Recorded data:

Section ZeroWeightTableau.

Variable T : filling n.+2 k.
Hypothesis T_ssyt : ssyt_entries (entry T).
Hypothesis T_zero : zero_content T.

Let gap j := skipped n.+1 (fun i => entry T i j).

Lemma entry_gap i j : j < k -> i < n.+1 -> entry T i j = bump (gap j) i.
Proof.
have [_ _ col] := T_ssyt; move=> lt_jk; apply: eq_bump_skipped => [i' lt_i'|i' _].
  by apply: col; rewrite /in_lam ?lt_jk //=; lia.
exact: entry_le.
Qed.

Lemma gap_le j : gap j <= n.+1.
Proof. exact: skipped_le. Qed.

Lemma gap_nonincr j1 j2 : j1 <= j2 < k -> gap j2 <= gap j1.
Proof.
have [_ row _] := T_ssyt.
rewrite leq_eqVlt => /andP[/orP[/eqP-> // | lt_j12] lt_j2]; rewrite leqNgt.
apply/negP => lt_gap; have lt_g1 : gap j1 < n.+1 by have := gap_le j2; lia.
have := row (gap j1) j1 j2; rewrite /in_lam lt_j2 lt_g1 => /(_ isT lt_j12).
by rewrite !entry_gap // /bump; lia.
Qed.

Lemma row_tail_gaps : row_tail (entry T) = mkseq (fun j => gap (k - j.+1)) k.
Proof.
have [_ row _] := T_ssyt.
apply: (sorted_eq leq_trans anti_leq).
- by apply: sorted_mkseq => j lt_jk; apply: row => //; rewrite /in_lam; lia.
- by apply: (@sorted_mkseq _ leq) => j lt_jk; apply: gap_nonincr; lia.
rewrite -rev_mkseq perm_sym perm_rev perm_sym -zero_content_perm //.
- by move=> j _; apply: gap_le.
- exact: entry_gap.
Qed.

Lemma row_tail_entry j : j < k -> entry T 0 (k + j) = gap (k - j.+1).
Proof. by move=> lt_jk; have := congr1 (nth 0 ^~ j) row_tail_gaps; rewrite !nth_mkseq. Qed.

Lemma gap_pos j : j < k -> 0 < gap j.
Proof.
have [_ row _] := T_ssyt; move=> lt_jk.
have lam_0k : in_lam 0 k by rewrite /in_lam; lia.
have := row 0 j k lam_0k lt_jk.
have := row_tail_entry (j := 0); rewrite addn0 => -> //; last by lia.
rewrite entry_gap // /bump; have := gap_nonincr (j1 := j) (j2 := k - 1); lia.
Qed.

Lemma entry_lam_tab i j : i < n.+2 -> j < 2 * k ->
  entry T i j = lam_tab (fun j => entry T 0 (k + j)) i j.
Proof.
move=> lt_i lt_j; rewrite /lam_tab; case: ifP => [/andP[lt_jk lt_i1] | not_col].
  by rewrite entry_gap // row_tail_entry; [congr (bump (gap _) _) | ]; lia.
case: ifP => [/andP[le_kj /eqP->] | not_tail]; first by rewrite subnKC.
have [zero _ _] := T_ssyt; apply: zero => //.
by move: not_col not_tail; rewrite /in_lam; lia.
Qed.

End ZeroWeightTableau.
(* A vanishing coordinate puts [x] on the edge surface opposite that vertex. *)
Lemma comb3_lift_b1_0 p q r A0 A1 A2 l a : is_bary a -> b1 a = 0 ->
  comb3 (vadd p (vscale l A0)) (vadd q (vscale l A1)) (vadd r (vscale l A2)) a =
  vadd (vadd (vscale (1 - b3 a) q) (vscale (b3 a) r))
       (vscale l (vadd (vscale (1 - b3 a) A1) (vscale (b3 a) A2))).
Proof.
  destruct a as [[a1 a2] a3]; unfold is_bary, b1, b2, b3; simpl.
  intros (_ & _ & _ & Hs) ->; replace a2 with (1 - a3) by lra.
  apply R3_ext; unfold comb3, vadd, vscale, b1, b2, b3; simpl; ring.
Qed.

Lemma comb3_lift_b2_0 p q r A0 A1 A2 l a : is_bary a -> b2 a = 0 ->
  comb3 (vadd p (vscale l A0)) (vadd q (vscale l A1)) (vadd r (vscale l A2)) a =
  vadd (vadd (vscale (1 - b3 a) p) (vscale (b3 a) r))
       (vscale l (vadd (vscale (1 - b3 a) A0) (vscale (b3 a) A2))).
Proof.
  destruct a as [[a1 a2] a3]; unfold is_bary, b1, b2, b3; simpl.
  intros (_ & _ & _ & Hs) ->; replace a1 with (1 - a3) by lra.
  apply R3_ext; unfold comb3, vadd, vscale, b1, b2, b3; simpl; ring.
Qed.

Lemma comb3_lift_b3_0 p q r A0 A1 A2 l a : is_bary a -> b3 a = 0 ->
  comb3 (vadd p (vscale l A0)) (vadd q (vscale l A1)) (vadd r (vscale l A2)) a =
  vadd (vadd (vscale (1 - b2 a) p) (vscale (b2 a) q))
       (vscale l (vadd (vscale (1 - b2 a) A0) (vscale (b2 a) A1))).
Proof.
  destruct a as [[a1 a2] a3]; unfold is_bary, b1, b2, b3; simpl.
  intros (_ & _ & _ & Hs) ->; replace a1 with (1 - a2) by lra.
  apply R3_ext; unfold comb3, vadd, vscale, b1, b2, b3; simpl; ring.
Qed.
(* Let $\Sigma$ be a finite totally ordered alphabet. For all $x\in\Sigma^n$, $$|\mathcal{C}_x|=\sum_{y\in G_{x,\leq n}}\frac{1}{|\mathsf{Orbit}(y)|}=\sum_{y\in G_{x,\leq n}}\frac{1}{\mathsf{FP}(y)}.$$
   Context: For $y\in\Sigma^n$, $\mathsf{Orbit}(y)$ is the set consisting of $y$ and all its distinct cyclic rotations. $\mathsf{FP}(y)$ is the fundamental period of $y$: the least $p$ such that $y=y_1^{n/p}$ for some $y_1\in\Sigma^p$. For an orbit $E$ and $x\in\Sigma^n$, $E<x$ means $E$ contains a string lexicographically less than $x$; $\mathcal{C}_x$ is the set of orbits $E$ with $E<x$; and $G_{x,\leq p}=\bigcup_{E\in\mathcal{C}_x,\ |E|\text{ divides }p}E$. *)

From mathcomp Require Import all_boot all_order all_algebra.
Set Implicit Arguments. Unset Strict Implicit. Unset Printing Implicit Defensive.
Import Order.TTheory GRing.Theory.

Definition lex_lt d (T : orderType d) (s t : seq T) : bool :=
  ((s : seqlexi T) < (t : seqlexi T))%O.

Definition Orbit (T : finType) n (y : n.-tuple T) : {set n.-tuple T} :=
  [set rot_tuple i y | i : 'I_n.+1].

Definition orbits (T : finType) n : {set {set n.-tuple T}} :=
  [set Orbit y | y : n.-tuple T].

Definition orbit_lt d (T : finOrderType d) n (E : {set n.-tuple T}) (x : n.-tuple T) :=
  [exists y in E, lex_lt y x].

Definition Cx d (T : finOrderType d) n (x : n.-tuple T) : {set {set n.-tuple T}} :=
  [set E in orbits T n | orbit_lt E x].

Definition Gx d (T : finOrderType d) n (x : n.-tuple T) (p : nat) : {set n.-tuple T} :=
  \bigcup_(E in Cx x | #|E| %| p) E.

(* FP(y): least p (p >= 1) such that y = y1^(n/p) for some y1 of length p.
   Since y1 must be the prefix of length p, this is: p %| n and y equals
   (n/p) concatenated copies of take p y. *)
Definition FP (T : finType) n (y : n.-tuple T) : nat :=
  head n [seq p <- iota 1 n | (p %| n) && (flatten (nseq (n %/ p) (take p y)) == y)].

From mathcomp Require Import all_boot all_order all_algebra.
Import Order.TTheory GRing.Theory.
Set Implicit Arguments. Unset Strict Implicit. Unset Printing Implicit Defensive.

(* The orbits in C_x are pairwise disjoint and nonempty, and their union is
   G_{x,<=n} because every orbit size divides n; so each orbit contributes
   |E| * (1/|E|) = 1 to the sum.  The orbit of y is the cycle of y under the
   one-step rotation, whose length is its least period, and a period of y is
   exactly a length p such that y is a power of its prefix of length p. *)

Lemma rot_flatten_nseq (T : Type) (t : seq T) m :
  rot (size t) (flatten (nseq m t)) = flatten (nseq m t).
Proof.
case: m => [|m] /=; first by rewrite -(rot_size [::]).
rewrite rot_size_cat; elim: m => [|m IHm] /=; first by rewrite cats0.
by rewrite -catA IHm.
Qed.

Lemma rot_fixed_flatten_nseq (T : Type) k m (s : seq T) :
  size s = m * k -> rot k s = s -> s = flatten (nseq m (take k s)).
Proof.
elim: m s => [|m IHm] s size_s rot_s /=; first exact: size0nil.
set t := take k s; set z := drop k s.
have s_tz : s = t ++ z by rewrite cat_take_drop.
have size_t : size t = k by rewrite size_takel // size_s mulSn leq_addr.
have size_z : size z = m * k by rewrite size_drop size_s mulSn addKn.
have zt_tz : z ++ t = t ++ z by rewrite -s_tz -[in RHS]rot_s.
case: m IHm size_z size_s => [|m] IHm size_z size_s.
  by rewrite /= cats0 (size0nil size_z) cats0 in s_tz *.
have k_le_z : k <= size z by rewrite size_z mulSn leq_addr.
have take_z : take k z = t.
  by have := congr1 (take k) zt_tz; rewrite takel_cat // take_size_cat.
have rot_z : rot k z = z.
  have := congr1 (drop k) zt_tz; rewrite (drop_size_cat _ size_t) /rot => drop_zt.
  rewrite -[in RHS]drop_zt drop_cat take_z; case: ltnP => // z_le_k.
  have size_zk : size z = k by apply/eqP; rewrite eqn_leq z_le_k k_le_z.
  by rewrite -size_zk subnn drop0 drop_size.
by rewrite {1}s_tz {1}(IHm z size_z rot_z) take_z.
Qed.

Lemma flatten_nseq_takeE (T : eqType) k (s : seq T) :
  k %| size s -> (flatten (nseq (size s %/ k) (take k s)) == s) = (rot k s == s).
Proof.
move=> k_dvd_s; apply/eqP/eqP => [power_s | rot_s].
- have [k_le_s | /ltnW s_le_k] := leqP k (size s); last exact: rot_oversize.
  by have := rot_flatten_nseq (take k s) (size s %/ k); rewrite size_takel // power_s.
- by apply/esym/rot_fixed_flatten_nseq; rewrite ?divnK.
Qed.

Lemma head_filter_iota (P : pred nat) k n :
  0 < k <= n -> P k -> (forall p, 0 < p < k -> ~~ P p) ->
  head n [seq p <- iota 1 n | P p] = k.
Proof.
move=> /andP[k_gt0 k_le_n] Pk notP.
have -> : iota 1 n = iota 1 k.-1 ++ iota k (n - k.-1).
  by rewrite -{2}(prednK k_gt0) -add1n -iotaD subnKC // (leq_trans (leq_pred k)).
rewrite filter_cat (eq_in_filter (a2 := pred0)) ?filter_pred0; last first.
  by move=> p; rewrite mem_iota add1n prednK // => p_lt_k; apply/negbTE/notP.
have -> : n - k.-1 = (n - k).+1 by rewrite -subSn // -{2}(prednK k_gt0) subSS.
by rewrite /= Pk.
Qed.

Section InjectiveOrbit.
Variables (T : finType) (f : T -> T).
Hypothesis f_inj : injective f.

Lemma iter_order_mul q x : iter (q * order f x) f x = x.
Proof. by elim: q => //= q IHq; rewrite mulSn iterD IHq iter_order. Qed.

Lemma iter_fixed_dvd_order m x : (iter m f x == x) = (order f x %| m).
Proof.
rewrite {1}(divn_eq m (order f x)) addnC iterD iter_order_mul /dvdn.
have r_lt : m %% order f x < order f x by rewrite ltn_mod order_gt0.
apply/eqP/eqP => [fixed | ->] //.
by rewrite -(findex_iter r_lt) fixed findex0.
Qed.

End InjectiveOrbit.

Section Rotation.
Variables (T : finType) (n : nat).

Definition rot1 (y : n.-tuple T) : n.-tuple T := rot_tuple 1 y.

Lemma rot1_inj : injective rot1.
Proof. by move=> y z /(congr1 val) /rot_inj /val_inj. Qed.

Lemma iter_rot1 i y : i <= n -> val (iter i rot1 y) = rot i y.
Proof.
elim: i => [|i IHi] i_lt_n /=; first by rewrite rot0.
by rewrite IHi ?(ltnW i_lt_n) // -rotD ?add1n ?size_tuple.
Qed.

Lemma order_rot1_dvd y : order rot1 y %| n.
Proof.
rewrite -(iter_fixed_dvd_order rot1_inj); apply/eqP/val_inj.
by rewrite iter_rot1 // -{1}(size_tuple y) rot_size.
Qed.

Lemma mem_Orbit y z : (z \in Orbit y) = fconnect rot1 y z.
Proof.
apply/imsetP/idP => [[i _ ->] | y_to_z].
  have -> : rot_tuple i y = iter i rot1 y by apply: val_inj; rewrite iter_rot1 // -ltnS.
  exact: fconnect_iter.
rewrite -(iter_findex y_to_z).
have [n0 | n_gt0] := posnP n.
  exists ord0 => //; apply: val_inj.
  by rewrite /= rot0 !(size0nil (etrans (size_tuple _) n0)).
have k_lt : findex rot1 y z < n.+1.
  by rewrite ltnS ltnW // (leq_trans (findex_max y_to_z)) // dvdn_leq ?order_rot1_dvd.
by exists (Ordinal k_lt) => //; apply: val_inj; rewrite iter_rot1 // -ltnS.
Qed.

Lemma card_Orbit (y : n.-tuple T) : #|Orbit y| = order rot1 y.
Proof. by apply: eq_card => z; rewrite mem_Orbit. Qed.

Lemma card_Orbit_dvd (y : n.-tuple T) : #|Orbit y| %| n.
Proof. by rewrite card_Orbit order_rot1_dvd. Qed.

Lemma Orbit_id (y z : n.-tuple T) : z \in Orbit y -> Orbit z = Orbit y.
Proof.
rewrite mem_Orbit => y_to_z; apply/setP => w; rewrite !mem_Orbit.
by rewrite (same_connect (fconnect_sym rot1_inj) y_to_z).
Qed.

Lemma FP_card_Orbit (y : n.-tuple T) : 0 < n -> FP y = #|Orbit y|.
Proof.
move=> n_gt0; rewrite card_Orbit /FP; set k := order rot1 y.
have k_gt0 : 0 < k := order_gt0 rot1 y.
have k_dvd_n : k %| n := order_rot1_dvd y.
rewrite (eq_in_filter (a2 := fun p => (p %| n) && (k %| p))); last first.
  move=> p; rewrite mem_iota add1n ltnS => /andP[p_gt0 p_le_n] /=.
  have [p_dvd_n | //] := boolP (p %| n).
  have := @flatten_nseq_takeE _ p y; rewrite size_tuple => -> //.
  by rewrite -(iter_rot1 y p_le_n) val_eqE (iter_fixed_dvd_order rot1_inj).
apply: head_filter_iota => [|/=|p /andP[p_gt0 p_lt_k]].
- by rewrite k_gt0 (dvdn_leq n_gt0 k_dvd_n).
- by rewrite k_dvd_n dvdnn.
- apply/nandP; right; apply: contraL p_lt_k => /(dvdn_leq p_gt0).
  by rewrite -leqNgt.
Qed.
End Rotation.

Import Num.Theory.
Local Open Scope ring_scope.

Lemma sum_cover_inv_card (R : numFieldType) (T : finType) (P : {set {set T}})
    (B : T -> {set T}) :
  trivIset P -> set0 \notin P -> {in P, forall A : {set T}, {in A, forall y, B y = A}} ->
  \sum_(y in cover P) (#|B y|%:R : R)^-1 = #|P|%:R.
Proof.
move=> tiP P_nonempty blockP.
rewrite big_trivIset // -sum1_card natr_sum; apply: eq_bigr => A A_in.
rewrite (eq_bigr (fun=> (#|A|%:R)^-1)); last by move=> y /(blockP A A_in) ->.
rewrite sumr_const -(mulr_natr (#|A|%:R)^-1) mulVf // pnatr_eq0 -lt0n card_gt0.
by apply: contraNneq P_nonempty => <-.
Qed.

Section OrbitsBelow.
Variables (d : Order.disp_t) (T : finOrderType d) (n : nat) (x : n.-tuple T).

Lemma Cx_Orbit E : E \in Cx x -> exists y, E = Orbit y.
Proof. by rewrite inE => /andP[/imsetP[y _ ->] _]; exists y. Qed.

Lemma Cx_OrbitP E : E \in Cx x -> {in E, forall y, Orbit y = E}.
Proof. by move=> /Cx_Orbit[z ->] y; apply: Orbit_id. Qed.

Lemma set0_notin_Cx : set0 \notin Cx x.
Proof. by apply/negP; rewrite inE => /andP[_ /existsP[y]]; rewrite inE. Qed.

Lemma trivIset_Cx : trivIset (Cx x).
Proof.
apply/trivIsetP => A B A_in B_in; apply: contraNT; rewrite -setI_eq0.
by case/set0Pn => y /setIP[yA yB]; rewrite -(Cx_OrbitP A_in yA) (Cx_OrbitP B_in yB).
Qed.

Lemma Gx_cover : Gx x n = cover (Cx x).
Proof.
apply: eq_bigl => E; have [/Cx_Orbit[y ->] | //] := boolP (E \in Cx x).
by rewrite card_Orbit_dvd.
Qed.

End OrbitsBelow.

Lemma Cx_tuple0 d (T : finOrderType d) (x : 0.-tuple T) : Cx x = set0.
Proof.
apply/setP => E; rewrite !inE; apply/negP => /andP[_ /existsP[y /andP[_]]].
by rewrite (tuple0 y) (tuple0 x) /lex_lt ltxx.
Qed.

Theorem lemma2 (d : Order.disp_t) (T : finOrderType d) (n : nat) (x : n.-tuple T) :
  (#|Cx x|%:R : rat) = \sum_(y in Gx x n) (#|Orbit y|%:R)^-1 /\
  \sum_(y in Gx x n) ((#|Orbit y|%:R)^-1 : rat) = \sum_(y in Gx x n) ((FP y)%:R)^-1.
Proof.
split.
  rewrite Gx_cover (sum_cover_inv_card _ (trivIset_Cx x) (set0_notin_Cx x)) //.
  exact: Cx_OrbitP.
case: n x => [|n] x; first by rewrite Gx_cover Cx_tuple0 /cover !big_set0.
by apply: eq_bigr => y _; rewrite FP_card_Orbit.
Qed.
(* Let $F=\begin{pmatrix}-1&-1&-1\\-1&8&-1\\-1&-1&-1\end{pmatrix}$ (edge detect C filter). Then for all $m,n\in\mathbb{N}$, it is not the case that the equation $F*X=B$ with the reflexive boundary condition, for unknown $X\in\mathbb{R}^{m\times n}$, has a unique solution for every $B\in\mathbb{R}^{m\times n}$.
   Context: For $F=[f_{ij}]\in\mathbb{R}^{3\times3}$ and $X=[x_{ij}]\in\mathbb{R}^{m\times n}$, the convolution $F*X\in\mathbb{R}^{m\times n}$ is defined by $[F*X]_{ij}=\sum_{l_1=1}^3\sum_{l_2=1}^3 f_{l_1l_2}\,x_{i-l_1+2,\,j-l_2+2}$ for $1\le i\le m$, $1\le j\le n$, where the reflexive boundary condition sets $x_{0j}=x_{1j}$, $x_{m+1,j}=x_{mj}$, $x_{i0}=x_{i1}$, $x_{i,n+1}=x_{in}$ (for all indices $i\in\{0,\dots,m+1\}$, $j\in\{0,\dots,n+1\}$, so corners are also determined, e.g. $x_{00}=x_{11}$). *)

From HB Require Import structures.
From mathcomp Require Import all_boot all_order all_algebra.
From mathcomp Require Import reals.
Set Implicit Arguments. Unset Strict Implicit. Unset Printing Implicit Defensive.
Import Order.TTheory GRing.Theory Num.Theory.
Local Open Scope ring_scope.

(* 0-based indices: for i : 'I_m and l : 'I_3 (l = l_1 - 1), the row index
   i - l + 1 (0-based counterpart of i - l_1 + 2), with the reflexive
   boundary condition: -1 is sent to 0 and m is sent to m-1. *)
Definition refl_idx (m : nat) (i : 'I_m) (l : 'I_3) : 'I_m :=
  insubd i (minn (i.+1 - l) m.-1)%N.

Definition conv_refl (R : nzRingType) (m n : nat) (F : 'M[R]_3) (X : 'M[R]_(m, n))
  : 'M[R]_(m, n) :=
  \matrix_(i < m, j < n)
    \sum_(l1 < 3) \sum_(l2 < 3) F l1 l2 * X (refl_idx i l1) (refl_idx j l2).

Definition edgeC (R : nzRingType) : 'M[R]_3 :=
  \matrix_(i < 3, j < 3) (if (i == 1 :> nat) && (j == 1 :> nat) then 8 else -1).

From HB Require Import structures.
From mathcomp Require Import all_boot all_order all_algebra.
From mathcomp Require Import reals.
Local Open Scope ring_scope.
Import GRing.Theory.

(* Under the reflexive boundary condition a constant image [c] is mapped to the
   constant [(sum of the entries of F) * c]; the entries of the edge detect C
   filter sum to [8 - 8 = 0], so every constant matrix lies in its kernel and
   [B = 0] has at least the two solutions [0] and the all-ones matrix. *)

Lemma unique_solutions_inj (T U : Type) (f : T -> U) :
  (forall b, exists! x, f x = b) -> injective f.
Proof.
move=> uniq_sol x y fxy; have [z [_ z_uniq]] := uniq_sol (f x).
by rewrite -(z_uniq x erefl) (z_uniq y (esym fxy)).
Qed.

Lemma conv_refl_const (R : nzRingType) (m n : nat) (F : 'M[R]_3) (c : R) :
  conv_refl F (const_mx c : 'M_(m, n)) =
  const_mx ((\sum_(l1 < 3) \sum_(l2 < 3) F l1 l2) * c).
Proof.
apply/matrixP => i j; rewrite !mxE mulr_suml.
by apply: eq_bigr => l1 _; rewrite mulr_suml; apply: eq_bigr => l2 _; rewrite mxE.
Qed.

Lemma edgeC_sum (R : nzRingType) : \sum_(l1 < 3) \sum_(l2 < 3) edgeC R l1 l2 = 0.
Proof.
by rewrite !big_ord_recr !big_ord0 /= !mxE /= !add0r -!addrA !(addrCA (-1)) ?addKr ?addNKr ?subrr.
Qed.

Lemma conv_refl_edgeC_const (R : nzRingType) (m n : nat) (c : R) :
  conv_refl (edgeC R) (const_mx c : 'M_(m, n)) = 0.
Proof.
by apply/matrixP => i j; rewrite conv_refl_const edgeC_sum mul0r !mxE.
Qed.

Theorem corollary15 (R : realType) (m n : nat) :
  (0 < m)%N -> (0 < n)%N ->
  ~ (forall B : 'M[R]_(m, n), exists! X : 'M[R]_(m, n), conv_refl (edgeC R) X = B).
Proof.
move=> m_gt0 n_gt0 /unique_solutions_inj conv_inj.
have const_eq : const_mx 0 = const_mx 1 :> 'M[R]_(m, n).
  by apply: conv_inj; rewrite !conv_refl_edgeC_const.
have := congr1 (fun X : 'M[R]_(m, n) => X (Ordinal m_gt0) (Ordinal n_gt0)) const_eq.
by rewrite !mxE => /eqP; rewrite eq_sym oner_eq0.
Qed.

■ Aim of the exercise
When the string "nzRingType" appears in a line of the records above, that line is to be copied.

■ Result
Definition conv_refl (R : nzRingType) (m n : nat) (F : 'M[R]_3) (X : 'M[R]_(m, n))
Definition edgeC (R : nzRingType) : 'M[R]_3 :=
Lemma conv_refl_const (R : nzRingType) (m n : nat) (F : 'M[R]_3) (c : R) :
Lemma edgeC_sum (R : nzRingType) : \sum_(l1 < 3) \sum_(l2 < 3) edgeC R l1 l2 = 0.
Lemma conv_refl_edgeC_const (R : nzRingType) (m n : nat) (c : R) :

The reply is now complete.